Such a laparoscopic apparatus includes an observation tool for observation of a lesion and a surgical tool for surgery on the affected area. Here, the surgical tool is similar to the tool used in conventional open surgery, except that the working end or distal operating portion of each tool is spaced apart from its handle by an extension shaft. That is, the surgical tool may include a needle, a clamp, a grasper, scissors, a stapler, and the like.

On the other hand, there is a photodynamic therapy among the treatment and surgery using a laparoscopic device. Photodynamic therapy is a treatment that destroys cancer cells by irradiating light of a predetermined wavelength to lesions such as cancer cells using a laparoscope.

For such photodynamic therapy, the laparoscopic device inserted into the patient's body projects an optical fiber needle from its end according to an external operation by a doctor, and contacts the lesion with the protruding optical fiber needle to irradiate the lesion with light.

However, in conventional photodynamic therapy, there is a problem in that the optical fiber needle inserted into the patient's body is damaged due to a doctor's error in operating the laparoscopic device.

For example, there is a case in which a doctor applies an excessive external force to a part of the laparoscopic apparatus, that is, a manipulation unit that controls the operation of the optical fiber needle, or makes a manipulation error or over manipulation. Due to this, the optical fiber needle inserted into the patient's body is excessively bent in the axial direction, and the optical fiber needle is broken and damaged. The breakage of the fiber optic needle causes a fatal problem for the patient undergoing laparoscopic surgery, thereby reducing the stability of laparoscopic surgery.

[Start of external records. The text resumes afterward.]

Lemma det_rows_sort (x : seq 'I_n) : uniq x -> size x = k ->
  det_rows [seq row i M^T | i <- x]
  = (-1) ^+ ninversions (map val x) * det_rows [seq row i M^T | i <- enum [set i in x]].
Proof.
have [N] := ubnP (ninversions (map val x)); elim: N x => // N IH x ltxN ux sx.
have [x_sorted | /unsorted_split [x1 [a [b [x2 [Ex ba]]]]]] :=
  boolP (sorted (relpre val leq) x).
  by rewrite -sorted_enum_set // ninversions_sorted ?sorted_map // expr0 mul1r.
rewrite /= -ltnNge in ba.
set y := x1 ++ b :: a :: x2.
have perm_yx : perm_eq y x.
  by rewrite Ex perm_cat2l -[b :: a :: x2]/([:: b] ++ [:: a] ++ x2) perm_catCA.
have ninversionsE : ninversions (map val x) = (ninversions (map val y)).+1.
  by rewrite Ex !map_cat ninversions_swap.
have -> : [set i in x] = [set i in y] by apply/setP => i; rewrite !inE (perm_mem perm_yx).
have -> : det_rows [seq row i M^T | i <- x] = - det_rows [seq row i M^T | i <- y].
  rewrite Ex /y !map_cat /= det_rows_swap ?opprK //.
  by move: sx; rewrite Ex !size_cat /= !size_map.
rewrite IH ?(perm_uniq perm_yx) ?(perm_size perm_yx) -?ninversionsE //.
by rewrite ninversionsE exprS mulN1r mulNr.
Qed.

Lemma pluecker_det_rows (A : kset k n) :
  pluecker M A = det_rows [seq row i M^T | i <- enum (val A)].
Proof.
rewrite /pluecker -det_tr; congr (\det _); apply/matrixP => i j; rewrite !mxE.
have sizeA : size (enum (val A)) = k by rewrite -cardE (eqP (valP A)).
rewrite (nth_map (kcols A i)) ?sizeA // !mxE.
by congr (M j _); rewrite /kcols /enum_val /=; apply: set_nth_default; rewrite sizeA.
Qed.
(* Let $\Omega$, $B$, $B^+$, $Z$, $B_Z$, $\mathcal{P}_Z$ and $G$ be as in the context, and let $\alpha:\mathcal{P}_Z\to\mathbb{R}_+\cup\{+\infty\}$ satisfy (A1) $\inf_{\mathbb{P}\in\mathcal{P}_Z}\alpha(\mathbb{P})=0$, and (A2) $\alpha(\mathbb{P})\ge\mathbb{E}^{\mathbb{P}}\beta(Z)$ for all $\mathbb{P}\in\mathcal{P}_Z$, where $\beta:[1,\infty)\to\mathbb{R}$ is an increasing function (i.e. $\beta(x)\ge\beta(y)$ for $x\ge y$) with $\lim_{x\to\infty}\beta(x)/x=+\infty$. Let $A=\{X\in B_Z:\mathbb{E}^{\mathbb{P}}X+\alpha(\mathbb{P})\ge0\text{ for all }\mathbb{P}\in\mathcal{P}_Z\}+B^+$. Then for every $n\in\mathbb{N}$ there exists $z\in\mathbb{R}_+$ such that $n(Z-z)^+-\frac1n\in G-A$.
   Context: Fix integers $J\ge0$, $T\ge1$. $\Omega$ is a non-empty subset of $((0,\infty)\times\mathbb{R}^J)^T$, endowed with the Euclidean metric. $B$ is the space of all Borel measurable functions $X:\Omega\to\mathbb{R}$ and $B^+=\{X\in B:X\ge0\}$. $Z:\Omega\to[1,\infty)$ is a continuous function such that $\{\omega\in\Omega:Z(\omega)\le z\}$ is compact for every $z\in\mathbb{R}_+$. $B_Z$ is the set of $X\in B$ with $X/Z$ bounded, and $\mathcal{P}_Z$ the set of Borel probability measures $\mathbb{P}$ on $\Omega$ with $\mathbb{E}^{\mathbb{P}}Z<\infty$. $G\subseteq B$ is a set with $0\in G$. $G-A=\{g-a:g\in G,a\in A\}$; sums of sets are Minkowski sums. The convention $x+(+\infty)=+\infty$ is used. *)

From HB Require Import structures.
From mathcomp Require Import all_boot all_order all_algebra.
From mathcomp Require Import all_classical all_reals all_analysis.
Import Order.TTheory GRing.Theory Num.Theory.
Import numFieldNormedType.Exports.
Set Implicit Arguments. Unset Strict Implicit. Unset Printing Implicit Defensive.
Local Open Scope classical_set_scope.
Local Open Scope ring_scope.

(* Ambient space ((0,oo) x R^J)^T is encoded as T x (J+1) real matrices:
   row t = (S_t, Y_t^1, ..., Y_t^J); the first column must be positive. *)
Definition Amb (R : realType) (T J : nat) := 'M[R]_(T, J.+1).

(* The state space Omega as a subtype of the ambient space; the witness w0
   (non-emptiness of Omega) is used only to equip it with a default point. *)
Definition Osub (R : realType) (T J : nat) (Om : set (Amb R T J))
  (w0 : {x : Amb R T J | Om x}) : Type := {x : Amb R T J | Om x}.

HB.instance Definition _ R T J Om w0 := gen_eqMixin (@Osub R T J Om w0).
HB.instance Definition _ R T J Om w0 := gen_choiceMixin (@Osub R T J Om w0).
HB.instance Definition _ R T J Om w0 :=
  isPointed.Build (@Osub R T J Om w0) w0.

(* Generators of the Borel sigma-algebra of Omega (subspace topology):
   traces on Omega of open subsets of the ambient space. *)
Definition borel_gen (R : realType) (T J : nat) (Om : set (Amb R T J))
  (w0 : {x : Amb R T J | Om x}) : set (set (Osub w0)) :=
  [set S | exists U : set 'M[R]_(T, J.+1), open U /\ S = [set x | U (sval x)]].

Definition Omeas (R : realType) (T J : nat) (Om : set (Amb R T J))
  (w0 : {x : Amb R T J | Om x}) := g_sigma_algebraType (@borel_gen R T J Om w0).

Definition pt (R : realType) (T J : nat) (Om : set (Amb R T J))
  (w0 : {x : Amb R T J | Om x}) (w : Omeas w0) : Amb R T J := sval w.

Section Spaces.
Variables (R : realType) (T J : nat) (Om : set (Amb R T J))
  (w0 : {x : Amb R T J | Om x}) (Z : Amb R T J -> R).

Definition Bset : set (Omeas w0 -> R) := [set X | measurable_fun setT X].

Definition Bplus : set (Omeas w0 -> R) := [set X | Bset X /\ forall w, 0 <= X w].

Definition BZ : set (Omeas w0 -> R) :=
  [set X | Bset X /\ exists c : R, forall w : Omeas w0, `|X w / Z (pt w)| <= c].

Definition PZ : set (probability (Omeas w0) R) :=
  [set P | (\int[P]_w (Z (pt w))%:E < +oo)%E].

Definition Aset (alpha : probability (Omeas w0) R -> \bar R) : set (Omeas w0 -> R) :=
  [set f | exists X Y, (BZ X /\ forall P, PZ P ->
                          (0 <= \int[P]_w (X w)%:E + alpha P)%E)
                        /\ Bplus Y /\ f = X \+ Y].

Definition setminus_fun (G A : set (Omeas w0 -> R)) : set (Omeas w0 -> R) :=
  [set f | exists g a, G g /\ A a /\ f = g \- a].

End Spaces.

Arguments Bset {R T J Om} w0 _.
Arguments Bplus {R T J Om} w0 _.
Arguments BZ {R T J Om} w0 Z _.
Arguments PZ {R T J Om} w0 Z _.
Arguments Aset {R T J Om} w0 Z alpha _.
Arguments setminus_fun {R T J Om} w0 G A _.

(* Take X := 1/n - n(Z - z)^+, so that the target function is 0 - X with
   0 in G, and A contains X as soon as X is in B_Z and E^P X + alpha(P) >= 0
   on P_Z.  With c := max(0, -beta 1), superlinearity of beta yields z such
   that beta(Z) >= (1 + c n) n(Z - z)^+ - c pointwise, hence by (A2)
   alpha(P) >= (1 + c n) Q - c where Q := E^P n(Z - z)^+.  If Q <= 1/n the
   claim follows from alpha >= 0; otherwise n Q >= 1, so c n Q >= c and
   alpha(P) >= Q. *)

From HB Require Import structures.
From mathcomp Require Import all_boot all_order all_algebra.
From mathcomp Require Import all_classical all_reals all_analysis.
From mathcomp Require Import measurable_realfun lra.
Import Order.TTheory GRing.Theory Num.Theory.
Import numFieldNormedType.Exports.
Set Implicit Arguments. Unset Strict Implicit. Unset Printing Implicit Defensive.
Local Open Scope classical_set_scope.
Local Open Scope ring_scope.

Section real_bounds.
Variable R : realFieldType.

Lemma superlinear_ge_scaled_pos_part (beta : R -> R) (K M c z x : R) :
  (forall x y, 1 <= y -> y <= x -> beta y <= beta x) ->
  (forall x, M < x -> K <= beta x / x) ->
  0 <= K -> 0 <= c -> - c <= beta 1 -> M < z -> 0 <= z -> 1 <= x ->
  K * Num.max (x - z) 0 - c <= beta x.
Proof.
move=> beta_incr beta_sup K0 c0 cb Mz z0 x1.
have x0 : 0 < x by apply: lt_le_trans x1.
have [zx|xz] := leP z x.
- rewrite max_l ?subr_ge0 // mulrBr.
  have := beta_sup x (lt_le_trans Mz zx); rewrite ler_pdivlMr // => Kx.
  have := mulr_ge0 K0 z0; lra.
- rewrite max_r ?subr_le0 ?(ltW xz) // mulr0 sub0r.
  by apply: le_trans cb _; apply: beta_incr.
Qed.

Lemma invr_sub_add_ge0 (n c Q : R) (a : \bar R) :
  0 < n -> 0 <= c -> (0 <= a)%E -> (((1 + c * n) * Q - c)%:E <= a)%E ->
  (0 <= (n^-1 - Q)%:E + a)%E.
Proof.
move=> n0 c0; case: a => [a| |] //=; rewrite !lee_fin => a0 aQ.
have ni0 : 0 < n^-1 by rewrite invr_gt0.
have [Qn|nQ] := leP Q n^-1; first lra.
have nQ1 : 1 <= n * Q by rewrite -(mulfV (lt0r_neq0 n0)) ler_pM2l // ltW.
have := ler_wpM2l c0 nQ1; rewrite mulr1 mulrA.
rewrite mulrDl mul1r in aQ; lra.
Qed.

End real_bounds.

Section measure_space.
Variables (d : measure_display) (T : measurableType d) (R : realType).

Lemma le_integral_measurable (mu : {measure set T -> \bar R}) (f g : T -> R) :
  measurable_fun setT f -> measurable_fun setT g -> (forall x, f x <= g x) ->
  (\int[mu]_x (f x)%:E <= \int[mu]_x (g x)%:E)%E.
Proof.
move=> mf mg fg.
have mf' : measurable_fun setT (fun x => (f x)%:E) by exact/measurable_EFinP.
have mg' : measurable_fun setT (fun x => (g x)%:E) by exact/measurable_EFinP.
rewrite integralE [leRHS]integralE; apply: leeB.
- apply: (@ge0_le_integral _ _ _ mu setT measurableT).
  + by move=> x _; exact: funepos_ge0.
  + exact: measurable_funepos.
  + exact: measurable_funepos.
  + by move=> x _; rewrite !funeposE /= ge_max !le_max lexx !orbT andbT lee_fin fg.
- apply: (@ge0_le_integral _ _ _ mu setT measurableT).
  + by move=> x _; exact: funeneg_ge0.
  + exact: measurable_funeneg.
  + exact: measurable_funeneg.
  + by move=> x _; rewrite !funenegE /= ge_max !le_max lexx !orbT andbT lee_fin lerN2 fg.
Qed.

Lemma probability_integral_affine (P : probability T R) (f : T -> R) (a b : R) :
  P.-integrable setT (EFin \o f) ->
  (\int[P]_x (a * f x + b)%:E = a%:E * \int[P]_x (f x)%:E + b%:E)%E.
Proof.
move=> intf; under eq_integral do rewrite EFinD EFinM.
rewrite integralD //; first last.
- exact: finite_measure_integrable_cst.
- exact: integrableZl.
rewrite integralZl // integral_cst //; congr (_ + _)%E.
by rewrite -[RHS]mule1; congr (_ * _)%E; exact: probability_setT.
Qed.

Lemma measurable_fun_nondecreasing_comp (beta : R -> R) (f : T -> R) :
  (forall x y, 1 <= y -> y <= x -> beta y <= beta x) ->
  measurable_fun setT f -> (forall t, 1 <= f t) -> measurable_fun setT (beta \o f).
Proof.
move=> beta_incr mf f1.
(* beta is only monotone on [1, +oo[; extend it constantly to the left. *)
have mb : measurable_fun setT (fun x : R => beta (Num.max x 1)).
  apply: nondecreasing_measurable => // x y xy.
  apply: beta_incr; first by rewrite le_max lexx orbT.
  by rewrite ge_max !le_max xy lexx !orbT.
apply: (eq_measurable_fun _ _ (measurableT_comp mb mf)) => t _.
by rewrite /= max_l.
Qed.

Lemma integral_invr_sub_add_ge0 (P : probability T R) (q g : T -> R) (n c : R)
    (a : \bar R) :
  0 < n -> 0 <= c -> P.-integrable setT (EFin \o q) ->
  measurable_fun setT g -> (forall x, (1 + c * n) * q x - c <= g x) ->
  (\int[P]_x (g x)%:E <= a)%E -> (0 <= a)%E ->
  (0 <= \int[P]_x (n^-1 - q x)%:E + a)%E.
Proof.
move=> n0 c0 intq mg qg ga a0.
have mq : measurable_fun setT q by apply/measurable_EFinP; exact: measurable_int intq.
have [Q QE] : exists Q, (\int[P]_x (q x)%:E = Q%:E)%E.
  by exists (fine (\int[P]_x (q x)%:E)%E); rewrite fineK // integrable_fin_num.
have -> : (\int[P]_x (n^-1 - q x)%:E = (n^-1 - Q)%:E)%E.
  under eq_integral do rewrite addrC -mulN1r.
  by rewrite probability_integral_affine // QE -EFinM -EFinD mulN1r addrC.
apply: (@invr_sub_add_ge0 _ n c) => //; apply: le_trans ga.
rewrite EFinB EFinM -QE.
rewrite -probability_integral_affine //; apply: le_integral_measurable => //.
by apply: measurable_funD => //; apply: measurable_funM.
Qed.

End measure_space.

Section Omega.
Variables (R : realType) (T J : nat) (Om : set (Amb R T J)).
Variable w0 : {x : Amb R T J | Om x}.

Lemma measurable_fun_pt_continuous (f : Amb R T J -> R) :
  {within Om, continuous f} -> measurable_fun setT (fun w : Omeas w0 => f (pt w)).
Proof.
move=> /continuousP fc.
apply: (measurability _ (measurable_realfun.RGenOpens.measurableE R)).
move=> _ [_ [a [b ->]] <-].
have /open_subspaceP [U oU fU] := fc _ (@interval_open R (BRight a) (BLeft b) isT isT).
apply: sub_sigma_algebra; exists U; split => //.
have Ow (w : Omeas w0) : Om (sval w) := proj2_sig w.
apply/seteqP; split => w /=.
- move=> [_ fw].
  have : (from_subspace Om f @^-1` `]a, b[ `&` Om) (sval w) by split.
  by rewrite -fU => -[].
- move=> Uw; split => //.
  have : (U `&` Om) (sval w) by split.
  by rewrite fU => -[].
Qed.

Variable Z : Amb R T J -> R.
Hypothesis Z1 : forall w : Omeas w0, 1 <= Z (pt w).
Hypothesis mZ : measurable_fun setT (fun w : Omeas w0 => Z (pt w)).

Lemma integrable_PZ (P : probability (Omeas w0) R) :
  PZ w0 Z P -> P.-integrable setT (EFin \o (fun w : Omeas w0 => Z (pt w))).
Proof.
move=> PZP; apply/integrableP; split; first exact/measurable_EFinP.
rewrite (eq_integral (fun w => (Z (pt w))%:E)) //.
by move=> w _; rewrite gee0_abs // lee_fin (le_trans _ (Z1 w)).
Qed.

Definition excess (n : nat) (z : R) (w : Omeas w0) : R :=
  n%:R * Num.max (Z (pt w) - z) 0.

Lemma excess_ge0 n z w : 0 <= excess n z w.
Proof. by rewrite mulr_ge0 ?ler0n // le_max lexx orbT. Qed.

Lemma excess_le n z w : 0 <= z -> excess n z w <= n%:R * Z (pt w).
Proof.
move=> z0; rewrite ler_wpM2l ?ler0n // ge_max lerBlDr lerDl z0 /=.
exact: le_trans (Z1 w).
Qed.

Lemma measurable_excess n z : measurable_fun setT (excess n z).
Proof.
by apply: measurable_funM => //; apply: measurable_maxr => //; apply: measurable_funB.
Qed.

Lemma integrable_excess n z (P : probability (Omeas w0) R) :
  0 <= z -> PZ w0 Z P -> P.-integrable setT (EFin \o excess n z).
Proof.
move=> z0 PZP.
have intnZ : P.-integrable setT (fun w => (n%:R)%:E * (Z (pt w))%:E)%E.
  by apply: integrableZl => //; exact: integrable_PZ.
apply: (le_integrable measurableT _ _ intnZ).
  by apply/measurable_EFinP; exact: measurable_excess.
move=> w _; rewrite -EFinM !gee0_abs ?lee_fin ?excess_ge0 ?excess_le //.
by rewrite mulr_ge0 ?ler0n // (le_trans _ (Z1 w)).
Qed.

Lemma BZ_affine_bound (X : Omeas w0 -> R) (a b : R) :
  measurable_fun setT X -> 0 <= a ->
  (forall w, `|X w| <= a + b * Z (pt w)) -> BZ w0 Z X.
Proof.
move=> mX a0 Xab; split => //; exists (a + b) => w.
have Z0 : 0 < Z (pt w) by apply: lt_le_trans (Z1 w).
rewrite normrM normfV (gtr0_norm Z0) ler_pdivrMr // mulrDl.
apply: le_trans (Xab w) _; rewrite lerD2r ler_peMr //.
Qed.

Lemma BZ_invn_sub_excess n z :
  (0 < n)%N -> 0 <= z -> BZ w0 Z (fun w => n%:R^-1 - excess n z w).
Proof.
move=> n0 z0; apply: (@BZ_affine_bound _ n%:R^-1 n%:R).
- by apply: measurable_funB => //; exact: measurable_excess.
- by rewrite invr_ge0.
move=> w; apply: le_trans (ler_normB _ _) _.
by rewrite ger0_norm ?invr_ge0 // ger0_norm ?excess_ge0 // lerD2l excess_le.
Qed.

Lemma Aset_BZ (alpha : probability (Omeas w0) R -> \bar R) (X : Omeas w0 -> R) :
  BZ w0 Z X -> (forall P, PZ w0 Z P -> (0 <= \int[P]_w (X w)%:E + alpha P)%E) ->
  Aset w0 Z alpha X.
Proof.
move=> BZX XP; exists X, (fun _ => 0); split => //; split; last first.
  by apply/funext => w; rewrite /= addr0.
by split => //; exact: measurable_cst.
Qed.

Lemma setminus_fun_opp (G A : set (Omeas w0 -> R)) (a : Omeas w0 -> R) :
  G (fun _ => 0) -> A a -> setminus_fun w0 G A (fun w => - a w).
Proof.
move=> G0 Aa; exists (fun _ => 0), a; do 2!split => //.
by apply/funext => w; rewrite /= sub0r.
Qed.

End Omega.

Theorem proposition2p2 (R : realType) (T J : nat) (hT : (0 < T)%N)
  (Om : set (Amb R T J)) (w0 : {x : Amb R T J | Om x})
  (hOm : forall x, Om x -> forall t : 'I_T, 0 < x t ord0)
  (Z : Amb R T J -> R)
  (hZ1 : forall x, Om x -> 1 <= Z x)
  (hZc : {within Om, continuous Z})
  (hZk : forall z : R, 0 <= z -> compact (Om `&` [set x | Z x <= z]))
  (G : set (Omeas w0 -> R)) (hGB : G `<=` Bset w0) (hG0 : G (fun _ => 0))
  (alpha : probability (Omeas w0) R -> \bar R)
  (halpha : forall P, PZ w0 Z P -> (0 <= alpha P)%E)
  (A1 : ereal_inf [set alpha P | P in PZ w0 Z] = 0%E)
  (beta : R -> R)
  (hbeta_incr : forall x y, 1 <= y -> y <= x -> beta y <= beta x)
  (hbeta_lim : (fun x => beta x / x) @ +oo --> +oo)
  (A2 : forall P, PZ w0 Z P ->
          (\int[P]_w (beta (Z (pt w)))%:E <= alpha P)%E) :
  forall n : nat, (0 < n)%N ->
    exists z : R, 0 <= z /\
      setminus_fun w0 G (Aset w0 Z alpha)
        (fun w : Omeas w0 => n%:R * Num.max (Z (pt w) - z) 0 - n%:R^-1).
Proof.
move=> n n0.
have Z1 (w : Omeas w0) : 1 <= Z (pt w) by apply: hZ1; exact: proj2_sig w.
have mZ : measurable_fun setT (fun w : Omeas w0 => Z (pt w)).
  exact: measurable_fun_pt_continuous.
have n0' : 0 < n%:R :> R by rewrite ltr0n.
pose c := Num.max 0 (- beta 1).
have c0 : 0 <= c by rewrite le_max lexx.
have cb : - c <= beta 1 by rewrite lerNl le_max lexx orbT.
pose K := n%:R * (1 + c * n%:R).
have K0 : 0 <= K by rewrite mulr_ge0 ?addr_ge0 ?mulr_ge0 ?ler0n.
have /cvgryPge/(_ K) [M [_ betaK]] := hbeta_lim.
pose z := Num.max (M + 1) 0.
have Mz : M < z by rewrite lt_max ltrDl ltr01.
have z0 : 0 <= z by rewrite le_max lexx orbT.
exists z; split => //.
have -> : (fun w : Omeas w0 => n%:R * Num.max (Z (pt w) - z) 0 - n%:R^-1) =
          (fun w => - (n%:R^-1 - excess Z n z w)) by apply/funext => w; rewrite opprB.
apply: setminus_fun_opp => //; apply: Aset_BZ; first exact: BZ_invn_sub_excess.
move=> P PZP.
have excess_beta (w : Omeas w0) : (1 + c * n%:R) * excess Z n z w - c <= beta (Z (pt w)).
  rewrite /excess mulrA [_ * n%:R]mulrC.
  exact: (superlinear_ge_scaled_pos_part hbeta_incr betaK K0 c0 cb Mz z0 (Z1 w)).
exact: (integral_invr_sub_add_ge0 n0' c0 (integrable_excess Z1 mZ n z0 PZP)
  (measurable_fun_nondecreasing_comp hbeta_incr mZ Z1) excess_beta
  (A2 _ PZP) (halpha _ PZP)).
Qed.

The present invention is to solve the above-mentioned problems, and to provide a laparoscopic device and a method for preventing needle breakage thereof, which can prevent a needle inserted into a patient's body for photodynamic therapy from being broken and damaged by an external force due to an operation error, etc. is to do

The laparoscopic apparatus according to an embodiment of the present invention is inserted into a patient's body to perform a treatment to irradiate a lesion with light. The laparoscopic device includes: a damage prevention unit coupled to one end of the body to sense the movement of the body; a hollow housing extending from one side of the damage prevention unit; and a needle disposed inside the housing and provided with a needle tip exposed from one end of the housing inserted into the body according to the operation of the body to irradiate light to the lesion.

Here, the damage prevention unit is characterized in that it controls the degree of movement of the needle tip based on the detection result of the movement of the body.

A method for preventing needle breakage of a laparoscope apparatus according to an embodiment of the present invention includes: inserting the housing of the laparoscope into the body of a patient, and exposing the needle tip at one end of the housing according to the operation of the main body; irradiating light to the lesion from the needle tip according to the operating power applied from the main body; detecting the movement of the main body, outputting a sensed value, and comparing the sensed value with a set value; and controlling the degree of movement of the needle tip by adjusting the position of the damage prevention unit according to the comparison result.

The laparoscopic apparatus of the present invention can reduce the force applied to the needle tip by the movement of the main body by adjusting the position of the breakage prevention unit in the direction opposite to the direction in which the main body moves by sensing the movement of the main body.

Accordingly, the present invention prevents the needle tip from being bent and damaged by moving the main body due to an external force or a doctor's mistake, thereby increasing the efficiency and stability of the lesion treatment of the patient using the laparoscopic apparatus.

1 is a view showing a laparoscopic apparatus according to an embodiment of the present invention.
Figure 2 is a view showing the damage prevention unit of Figure 1;
Figure 3 is a view showing a method for preventing needle breakage of the laparoscopic apparatus according to an embodiment of the present invention.
4A and 4B are views showing an operation embodiment of the laparoscopic apparatus of the present invention.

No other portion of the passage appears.